• _YOUR TASK_
For the data below, report the number of lines that contain the string "between" and nothing else.

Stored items
========

(* The coefficients of [B_t^r] are polynomials in [r], so the convolution identity
   [B_t^r B_t^s = B_t^(r+s)] reduces to a recurrence in [r] checked at the natural numbers.
   It gives [B_t = 1 + x B_t^t]; hence [Z = B_(3/2)(y)^(1/2)] satisfies [Z^2 = 1 + y Z^3] and
   [W = Z(-y)] satisfies [W^2 = 1 - y W^3].  Eliminating between these two equations shows
   that [u = Z W] solves [u = 1 + y^2 u^3], which determines [B_3(y^2)] uniquely.  The
   reciprocals [Z^-1 = B_(3/2)(y)^(-1/2)] and [-W^-1] solve [T^3 - T + y = 0], so [T / y] are
   the two other roots of [x X^3 - X + 1] with [x = y^2], and Vieta's relations between
   [Z W], [Z^-1] and [-W^-1] give the factorization. *)

(** * Formal power series *)

HB.instance Definition _ := gen_eqMixin series.
HB.instance Definition _ := gen_choiceMixin series.

Lemma series_ext (f g : series) : f =1 g -> f = g.
Proof. exact: funext. Qed.

Lemma saddA : associative sadd.
Proof. by move=> f g h; apply: series_ext => k; rewrite /sadd addrA. Qed.
Lemma saddC : commutative sadd.
Proof. by move=> f g; apply: series_ext => k; rewrite /sadd addrC. Qed.
Lemma sadd0 : left_id (fun _ => 0) sadd.
Proof. by move=> f; apply: series_ext => k; rewrite /sadd add0r. Qed.
Lemma saddN : left_inverse (fun _ => 0) sopp sadd.
Proof. by move=> f; apply: series_ext => k; rewrite /sadd /sopp addNr. Qed.
HB.instance Definition _ := GRing.isZmodule.Build series saddA saddC sadd0 saddN.

Lemma smulC : commutative smul.
Proof.
move=> f g; apply: series_ext => n; rewrite /smul (reindex_inj rev_ord_inj) /=.
by apply: eq_bigr => i _; rewrite subKn ?leq_ord // mulrC.
Qed.

Lemma smul1 : left_id sone smul.
Proof.
move=> f; apply: series_ext => n; rewrite /smul big_ord_recl /sone /= mul1r subn0.
by rewrite big1 ?addr0 // => i _; rewrite mul0r.
Qed.

Lemma smulDl : left_distributive smul sadd.
Proof.
move=> f g h; apply: series_ext => n; rewrite /smul /sadd -big_split /=.
by apply: eq_bigr => i _; rewrite mulrDl.
Qed.

Lemma smulA : associative smul.
Proof.
move=> f g h; apply: series_ext => n; rewrite /smul; symmetry.
transitivity (\sum_(i < n.+1) \sum_(j < n.+1)
   (if (j <= i)%N then f j * g (i - j)%N * h (n - i)%N else 0)).
  apply: eq_bigr => i _; rewrite big_distrl /=.
  rewrite (big_ord_widen n.+1 (fun j => f j * g (i - j)%N * h (n - i)%N)) ?ltn_ord //.
  by rewrite big_mkcond.
rewrite exchange_big /=; apply: eq_bigr => a _.
rewrite big_distrr /= -big_mkcond /=.
rewrite (eq_bigl (fun i : 'I_n.+1 => xpredT i && (a <= i)%N)) //.
rewrite -(big_geq_mkord a n.+1 xpredT (fun i => f a * g (i - a)%N * h (n - i)%N)) /=.
rewrite -{1}(add0n a) big_addn subSn ?(ltnSE (ltn_ord a)) // big_mkord.
apply: eq_bigr => l _; rewrite addnK mulrA; congr (_ * _ * h _).
by rewrite subnDA subnAC.
Qed.

Lemma sone_neq0 : sone != 0.
Proof. by apply/eqP => /(congr1 (fun f : series => f 0%N))/eqP; rewrite oner_eq0. Qed.

HB.instance Definition _ :=
  GRing.Zmodule_isComNzRing.Build series smulA smulC smul1 smulDl sone_neq0.

Lemma scoefD (f g : series) k : (f + g) k = f k + g k. Proof. by []. Qed.
Lemma scoefN (f : series) k : (- f) k = - f k. Proof. by []. Qed.
Lemma scoef0 k : (0 : series) k = 0. Proof. by []. Qed.
Lemma scoef1 k : (1 : series) k = (k == 0%N)%:R. Proof. by []. Qed.
Lemma scoefM (f g : series) n : (f * g) n = \sum_(i < n.+1) f i * g (n - i)%N.
Proof. by []. Qed.

Lemma scoefXM (f : series) k : (sX * f) k = if k is k'.+1 then f k' else 0.
Proof.
rewrite scoefM big_ord_recl /sX /= mul0r add0r.
case: k => [|k]; first by rewrite big_ord0.
rewrite big_ord_recl /= mul1r subSS subn0 big1 ?addr0 // => i _.
by rewrite /bump /= mul0r.
Qed.

Lemma sshiftE m (f : series) : sshift m f = sX ^+ m * f.
Proof.
elim: m => [|m IH]; first by apply: series_ext => k; rewrite mul1r /sshift subn0.
apply: series_ext => k; rewrite exprS -mulrA scoefXM -IH /sshift.
by case: k => [|k] //; rewrite ltnS subSS.
Qed.

Lemma lreg_sX : GRing.lreg sX.
Proof.
by move=> f g E; apply: series_ext => k; have := congr1 (fun h : series => h k.+1) E; rewrite !scoefXM.
Qed.

Lemma mulX_fixed_eq0 (d e : series) : d = sX * (d * e) -> d = 0.
Proof.
move=> E; apply: series_ext => n; elim/ltn_ind: n => n IH.
rewrite E scoefXM scoef0; case: n IH => [|n] IH //.
by rewrite scoefM big1 // => i _; rewrite IH ?mul0r // ltnS leq_ord.
Qed.

Lemma coef0_lreg (f : series) : f 0%N != 0 -> GRing.lreg f.
Proof.
move=> f0 g h E; apply/eqP; rewrite -subr_eq0; apply/eqP.
move: E => /eqP; rewrite -subr_eq0 -mulrBr => /eqP; move: (g - h) => d fd0.
apply: series_ext => n; elim/ltn_ind: n => n IH.
have /eqP := congr1 (fun k : series => k n) fd0.
rewrite scoefM big_ord_recl subn0 scoef0 big1 ?addr0.
  by rewrite mulf_eq0 (negbTE f0) => /eqP.
move=> i _; rewrite IH ?mulr0 //; case: n IH i => [|n] IH i; first by case: i.
by rewrite /bump /= subSS ltnS leq_subr.
Qed.

Lemma sneg_is_zmod_morphism : zmod_morphism sneg.
Proof. by move=> f g; apply: series_ext => n; rewrite /sneg !scoefD !scoefN mulrBr. Qed.

Lemma sneg_is_monoid_morphism : monoid_morphism sneg.
Proof.
split; first by apply: series_ext => -[|n]; rewrite /sneg scoef1 ?mulr0 // mul1r.
move=> f g; apply: series_ext => n; rewrite /sneg !scoefM big_distrr /=.
apply: eq_bigr => i _; rewrite mulrACA -exprD subnKC // -ltnS; exact: ltn_ord.
Qed.

HB.instance Definition _ := GRing.isZmodMorphism.Build series series sneg sneg_is_zmod_morphism.
HB.instance Definition _ := GRing.isMonoidMorphism.Build series series sneg sneg_is_monoid_morphism.

Lemma sneg_sX : sneg sX = - sX.
Proof. by apply: series_ext => -[|[|n]]; rewrite /sneg scoefN /sX /= ?mulr0 ?oppr0 // mulN1r. Qed.

Lemma sum_ord_even (F : nat -> rat) m : (forall i, odd i -> F i = 0) ->
  \sum_(i < m.*2.+1) F i = \sum_(j < m.+1) F j.*2.
Proof.
move=> Fodd; elim: m => [|m IH]; first by rewrite !big_ord_recl !big_ord0.
by rewrite doubleS 2!big_ord_recr [RHS]big_ord_recr /= IH Fodd /= ?odd_double // addr0.
Qed.

Lemma ssq_is_zmod_morphism : zmod_morphism ssq.
Proof.
by move=> f g; apply: series_ext => n; rewrite /ssq !scoefD !scoefN; case: odd; rewrite ?subr0.
Qed.

Lemma ssq_is_monoid_morphism : monoid_morphism ssq.
Proof.
split; first by apply: series_ext => -[|[|n]] //; rewrite /ssq !scoef1; case: odd.
move=> f g; apply: series_ext => n; rewrite [RHS]scoefM /ssq.
have [on|en] := boolP (odd n).
  rewrite big1 // => i _; have [oi|ei] := boolP (odd i); first by rewrite mul0r.
  by rewrite oddB -1?ltnS // on (negbTE ei) mulr0.
have -> : n = n./2.*2 by rewrite -{1}(odd_double_half n) (negbTE en).
move: n./2 => m; rewrite doubleK.
rewrite (@sum_ord_even (fun i => (if odd i then 0 else f i./2) *
    (if odd (m.*2 - i) then 0 else g (m.*2 - i)./2))) => [|i oi]; last first.
  by rewrite oi mul0r.
rewrite scoefM; apply: eq_bigr => j _.
by rewrite odd_double doubleK -doubleB odd_double doubleK.
Qed.

HB.instance Definition _ := GRing.isZmodMorphism.Build series series ssq ssq_is_zmod_morphism.
HB.instance Definition _ := GRing.isMonoidMorphism.Build series series ssq ssq_is_monoid_morphism.

Lemma ssq_sX : ssq sX = sX ^+ 2.
Proof.
apply: series_ext => n; rewrite expr2 scoefXM /ssq.
by case: n => [|[|[|[|n]]]] //=; rewrite /sX /=; case: odd.
Qed.

(** * Generalized binomial series *)

Fixpoint ffact (u : rat) (j : nat) : rat :=
  if j is j'.+1 then u * ffact (u - 1) j' else 1.

Lemma ffactSr u j : ffact u j.+1 = ffact u j * (u - j%:R).
Proof.
elim: j u => [|j IH] u; first by rewrite /= mulr1 mul1r subr0.
change (u * ffact (u - 1) j.+1 = u * ffact (u - 1) j * (u - j.+1%:R)).
by rewrite IH mulrA -natr1 opprD addrA addrAC.
Qed.

Lemma prod_ffact a k : \prod_(i < k) (a - i%:R) = ffact a k.
Proof. by elim: k => [|k IH]; rewrite ?big_ord0 // big_ord_recr ffactSr IH. Qed.

(* [Bcoef t r k] with the factor [r / (t k + r)] cancelled: a polynomial in [r],
   which also avoids the junk value [r / 0 = 0] of [Bcoef] when [t k + r = 0]. *)
Definition bcoef (t r : rat) (k : nat) : rat :=
  if k is j.+1 then r * ffact (r + t * k%:R - 1) j / (k`!)%:R else 1.

Lemma fact_neq0 k : (k`!)%:R != 0 :> rat.
Proof. by rewrite pnatr_eq0 -lt0n fact_gt0. Qed.

Lemma Bcoef_bcoef t r k : t * k%:R + r != 0 -> Bcoef t r k = bcoef t r k.
Proof.
rewrite /Bcoef /gbin prod_ffact; case: k => [|j] nz.
  by rewrite mulr0 add0r in nz *; rewrite divr1 mul1r divff.
rewrite /bcoef [ffact _ j.+1]/= (_ : t * j.+1%:R + r - 1 = r + t * j.+1%:R - 1); last by ring.
move: (ffact _ j) (fact_neq0 j.+1) => p fn0; field.
by rewrite fn0 nat1r.
Qed.

Lemma bcoef0r t k : bcoef t 0 k.+1 = 0.
Proof. by rewrite /bcoef !mul0r. Qed.

Lemma bcoefS_subr1 t r j :
  bcoef t r j.+1 - bcoef t (r - 1) j.+1 = bcoef t (r + t - 1) j.
Proof.
case: j => [|m]; first by rewrite /bcoef /= !divr1; ring.
rewrite /bcoef; set u := r + t * m.+2%:R - 1.
have -> : r - 1 + t * m.+2%:R - 1 = u - 1 by rewrite /u; ring.
have -> : r + t - 1 + t * m.+1%:R - 1 = u - 1 by rewrite /u -!natr1; ring.
rewrite [ffact u _]/= ffactSr factS natrM.
have m2_neq0 : m.+2%:R != 0 :> rat by rewrite pnatr_eq0.
move: (ffact (u - 1) m) (fact_neq0 m.+1) => p fn0; rewrite /u -!natr1; field.
by rewrite !natr1 fn0 m2_neq0.
Qed.

Definition polyfun (h : rat -> rat) := exists p : {poly rat}, h =1 horner p.

Lemma polyfun_const c : polyfun (fun _ => c).
Proof. by exists c%:P => x; rewrite hornerC. Qed.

========

• _RESPONSE TO THIS EXERCISE_
2